Notes: 95% confidence intervals based on 100 bootstrap replications in square brackets.

We discuss the implications of the nested CES coefficients on the pattern of substitution elasticity in more detail below. However, here we note that, whilst the coefficient that determines the elasticity between the two initial endowments is not estimated very precisely, we can reject the hypothesis that it is equal to 1 which would imply the standard CES.

The patterns of the other coefficients is broadly similar to that obtained with the CES. Cognition is highly persistent. Health is cross productive, although only significantly so at ages 8 and 12 in Ethiopia. Parental cognition continues to be an important input in child cognitive skill in Peru, but not in Ethiopia. We confirm that investments have a strong impact on the production of cognition, with the effect decreasing in magnitude as children age. This finding is a key result that survives this more general specification. We now turn to the substitution elasticity (and hence implied complementarity) and how this changes with this more flexible specification.

5.3.3. Comparison between the CES and the Nested CES

To test whether the grouping introduced in the nested CES is important, Table 11 gives the difference between the two elasticities in the nested CES production functions and 95% confidence intervals for the differences. We find that the two elasticities are significantly different at all ages and in both countries. This implies that the nested CES does in fact fit the data better. However, given the substantial differences in the production functions, it is difficult to know how this, combined with the differences in the magnitudes of the coefficients, should affect our interpretation of the results.

Table 11.

Test of the Nested CES

Ethiopia Peru

Cognition Cognition
Age 8 1.496
[0.346, 3.626]
0.57
[0.021, 1.384]
Age 12 0.853
[0.133, 2.67]
0.644
[0.077, 2.225]
Age 15 0.445
[0.044, 1.555]
0.249
[0.025, 1.279]

Notes: 95% confidence intervals based on 100 bootstrap replications in square brackets.

In Figures 5.1 and 5.2 for Ethiopia and Peru respectively, we plot the marginal product of investment for each decile of baseline cognition, computed using the estimated parameters for both the CES and nested CES at ages 8, 12, and 15 for Ethiopia. In particular, these values are computed for each decile of baseline cognition (recorded at age 5, 8, or 12), keeping all other input values at their sample averages. In all cases the strong complementarity between initial cognition and investments is evident. This illustrates the difficulty with which early deficits can be remedied by later investments and poses the difficult policy challenge of reaching the most deprived populations effectively.

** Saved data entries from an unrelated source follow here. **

Lemma vcloseH : V H = H.
Proof. by rewrite /vclose minvH minvH. Qed.

Lemma vclose_sub X : X `<=` H -> V X `<=` H.
Proof. by move=> XH; rewrite -[Y in _ `<=` Y]vcloseH; apply: vclose_mono. Qed.

Lemma vclose_eqH X : M X = H -> V X = H.
Proof. by move=> e; rewrite /vclose e minvH. Qed.

Lemma minv0 X : X `<=` H -> M X 0.
Proof. by move=> XH; apply: (minv_anti XH); rewrite minvH. Qed.

Lemma setmulC X Y : sm X Y = sm Y X.
Proof.
by apply/seteqP; split=> z [a Xa [b Yb <-]]; exists b => //; exists a => //; rewrite addrC.
Qed.

Lemma setmulA X Y Z : sm X (sm Y Z) = sm (sm X Y) Z.
Proof.
apply/seteqP; split=> z.
  move=> [a Xa [_ [b Yb [c Zc <-]] <-]].
  by exists (a + b); [exists a => //; exists b|exists c => //; rewrite addrA].
move=> [_ [a Xa [b Yb <-]] [c Zc <-]].
by exists a => //; exists (b + c); [exists b => //; exists c|rewrite addrA].
Qed.

Lemma set0mul X : sm [set 0] X = X.
Proof.
apply/seteqP; split=> z; first by move=> [a -> [b Xb <-]]; rewrite add0r.
by move=> Xz; exists 0 => //; exists z => //; rewrite add0r.
Qed.

HB.instance Definition _ := Monoid.isComLaw.Build (set Q) [set 0] (@setmul Q)
  setmulA setmulC set0mul.

Lemma setmulACA X Y Z W : sm (sm X Y) (sm Z W) = sm (sm X Z) (sm Y W).
Proof. by rewrite -!setmulA [sm Y (sm Z W)]setmulA [sm Y Z]setmulC -setmulA. Qed.

Lemma setmul_mono X X' Y Y' : X `<=` X' -> Y `<=` Y' -> sm X Y `<=` sm X' Y'.
Proof. by move=> XX YY z [a /XX Xa [b /YY Yb <-]]; exists a => //; exists b. Qed.

Lemma minv_setmul_vclose X Y : M (sm X (V Y)) = M (sm X Y).
Proof.
apply/seteqP; split.
  by apply: minv_anti; apply: setmul_mono => //; apply: vclose_ext.
move=> x Mx _ [u Xu [z Vz <-]].
rewrite addrA addrC; apply: Vz => y Yy; rewrite -addrA; apply: Mx.
by exists u => //; exists y.
Qed.

Lemma vclose_mulV X Y : V (sm X (V Y)) = V (sm X Y).
Proof. by rewrite /vclose -/(minv H (sm X (V Y))) minv_setmul_vclose. Qed.

Lemma vclose_Vmul X Y : V (sm (V X) Y) = V (sm X Y).
Proof. by rewrite setmulC vclose_mulV setmulC. Qed.

Definition Hstable (X : set Q) := forall x h, X x -> H h -> X (x + h).

Lemma setmulHH : sm H H = H.
Proof.
apply/seteqP; split; first by move=> z [a Ha [b Hb <-]]; apply: HD.
by move=> z Hz; exists z => //; exists 0 => //; rewrite addr0.
Qed.

Lemma Hstable_vclose X : Hstable (V X).
Proof. by move=> x h Mx Hh y Xy; rewrite addrAC; apply: HD => //; apply: Mx. Qed.

Lemma vclose_mulH X : V (sm X H) = V X.
Proof.
apply/seteqP; split; last first.
  by apply: vclose_mono => z Xz; exists z => //; exists 0 => //; rewrite addr0.
rewrite -[X in _ `<=` X]vcloseK; apply: vclose_mono.
move=> _ [a Xa [h Hh <-]]; apply: Hstable_vclose => //; exact: vclose_ext.
Qed.

Lemma vclose_Hmul X : V (sm H X) = V X.
Proof. by rewrite setmulC vclose_mulH. Qed.

Definition shift (x : Q) (X : set Q) : set Q := [set x + y | y in X].

Lemma shift_minv x X : M (shift x X) = shift (- x) (M X).
Proof.
apply/seteqP; split=> z.
  move=> Mz; exists (x + z); last by rewrite addKr.
  by move=> y Xy; rewrite [x + z]addrC -addrA; apply: Mz; exists y.
move=> [w Mw <-] _ [y Xy <-].
by rewrite [-x + w]addrC -addrA addKr; apply: Mw.
Qed.

Lemma shiftK x X : shift (- x) (shift x X) = X.
Proof.
apply/seteqP; split=> z; first by move=> [_ [y Xy <-] <-]; rewrite addKr.
by move=> Xz; exists (x + z); [exists z | rewrite addKr].
Qed.

Lemma shift0 X : shift 0 X = X.
Proof.
apply/seteqP; split=> z; first by move=> [w Xw <-]; rewrite add0r.
by exists z => //; rewrite add0r.
Qed.

Lemma shift_shift x y X : shift x (shift y X) = shift (x + y) X.
Proof.
apply/seteqP; split=> z.
  by move=> [_ [w Xw <-] <-]; exists w => //; rewrite addrA.
by move=> [w Xw <-]; exists (y + w); [exists w|rewrite addrA].
Qed.

Lemma shift_vclose x X : V (shift x X) = shift x (V X).
Proof. by rewrite /vclose shift_minv shift_minv opprK. Qed.

Lemma shift_setmul x X Y : shift x (sm X Y) = sm (shift x X) Y.
Proof.
apply/seteqP; split=> z.
  move=> [_ [a Xa [b Yb <-]] <-].
  by exists (x + a); [exists a|exists b => //; rewrite addrA].
move=> [_ [a Xa <-] [b Yb <-]].
by exists (a + b); [exists a => //; exists b|rewrite addrA].
Qed.

Lemma setmul_shift x y X Y : sm (shift x X) (shift y Y) = shift (x + y) (sm X Y).
Proof. by rewrite -shift_setmul setmulC -shift_setmul setmulC shift_shift addrC. Qed.

Lemma shiftH_self x : shift x H x.
Proof. by exists 0 => //; rewrite addr0. Qed.

Hypothesis cic : completely_integrally_closed H.
Hypothesis acc : v_noetherian H.

Definition fractional (A : set Q) := A !=set0 /\ M A !=set0.

Lemma fractional_sub A : A !=set0 -> A `<=` H -> fractional A.
Proof. by move=> nA AH; split=> //; exists 0; apply: minv0. Qed.

(* Complete integral closedness is exactly what makes (A (H : A))_v = H. *)
Lemma vclose_mul_minv A : fractional A -> V (sm A (M A)) = H.
Proof.
move=> [[a Aa] [b Mb]].
have sH : sm A (M A) `<=` H by move=> _ [x Ax [y My <-]]; rewrite addrC; apply: My.
suff e : M (sm A (M A)) = H by rewrite /vclose e minvH.
apply/seteqP; split; last by rewrite -[X in X `<=` _]minvH; apply: minv_anti.
move=> x Mx.
have step y : M A y -> M A (x + y).
  move=> My z Az; rewrite -addrA [y + z]addrC.
  by apply: Mx; exists z => //; exists y.
have nstep n : M A (x *+ n + b).
  by elim: n => [|n IH]; rewrite ?mulr0n ?add0r // mulrS -addrA; apply: step.
apply: (cic (c := a + b)); first by apply: sH; exists a => //; exists b.
by move=> n; rewrite -addrA [b + _]addrC addrC; exact: (nstep n a Aa).
Qed.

The graphs also show the potential importance of allowing for flexible production functions: the degree of complementarity differs substantially between the CES and the nested CES.

Figure 5.1.

Figure 5.1

Marginal Product of Investment in Ethiopia

Figure 5.2.

Figure 5.2

Marginal Product of Investment in Peru

6. Counterfactual Simulations

6.1. Impulse response functions

An important advantage of the longitudinal data we are using is that they allow us to follow children over a long period of time and estimate in a flexible way the degree of persistence and cross productivity of shocks and inputs. One way to study the implications of our sets of parameter estimates is to plot an impulse response function for investment innovations. In this subsection, we present this exercise for Ethiopia and Peru in Figures 6.1 and 6.2.

Figure 6.1.

Figure 6.1

Figure 6.2.

Figure 6.2

The experiment we perform is to select the children who are, at age 5, in the bottom 5% in terms of cognition. Using this sample, we compute the median values for all inputs and skills, including cognition. As one would expect, children who are “poor” in terms of cognitive skills, also have poorer health, poorer parental health and poorer parental cognition. Using these values and our estimates of the production functions we can predict the pattern of cognition that would occur for this sample (according to our model) if no changes were made. This is our baseline. In Figures 6.1 and 6.2 below, we plot the pattern of cognition that would occur, according to the model, in two alternative scenarios about parental inputs and initial health conditions, relative to the baseline. In the first scenario, we increase the investments these children receive at age 5 to equal the median investment of children in the top 10% in terms of cognition, and then follow the effect of the increase in investments through age 15 as implied by the production functions we have estimated. In the second scenario, we repeat the exercise but also give the child an initial health level at age 5 equivalent to the median health level of children in the top 10% of cognition at that age. This exercise is meant to capture the effect of increasing both inputs in the presence of dynamic complementarities. Any outcome in the figures above 1 implies an increase in cognition relative to the status quo.

For both countries and both production functions we observe that a positive shock to investment and health, as well as to investments alone, have large positive effects on the evolution of cognition over time. Specifically, the interventions lead to a 15–70% increase in cognition by age 15. For Ethiopia, increasing both investment and health at baseline leads to a larger increase in cognition at age 8 in the CES specification compared to the nested CES case, although by age 15 the differences between the two specifications are less noticeable. While there is a small gain from increasing both health and investments versus investments alone in the CES case for Ethiopia, for the nested CES specification the increase in later cognition due to the two alternative policies is almost identical. In Peru the difference between the two interventions is larger, with greater gains from increasing both health and investments at baseline. This result signifies greater levels of complementarity in Peru. This effect is somewhat larger with the nested CES. The key point demonstrated by these exercises is that the complementarity between initial conditions and investments can lead to substantially different results. Moreover, this exercise emphasizes the importance of health at an early age: with low health levels child outcomes respond less to investments.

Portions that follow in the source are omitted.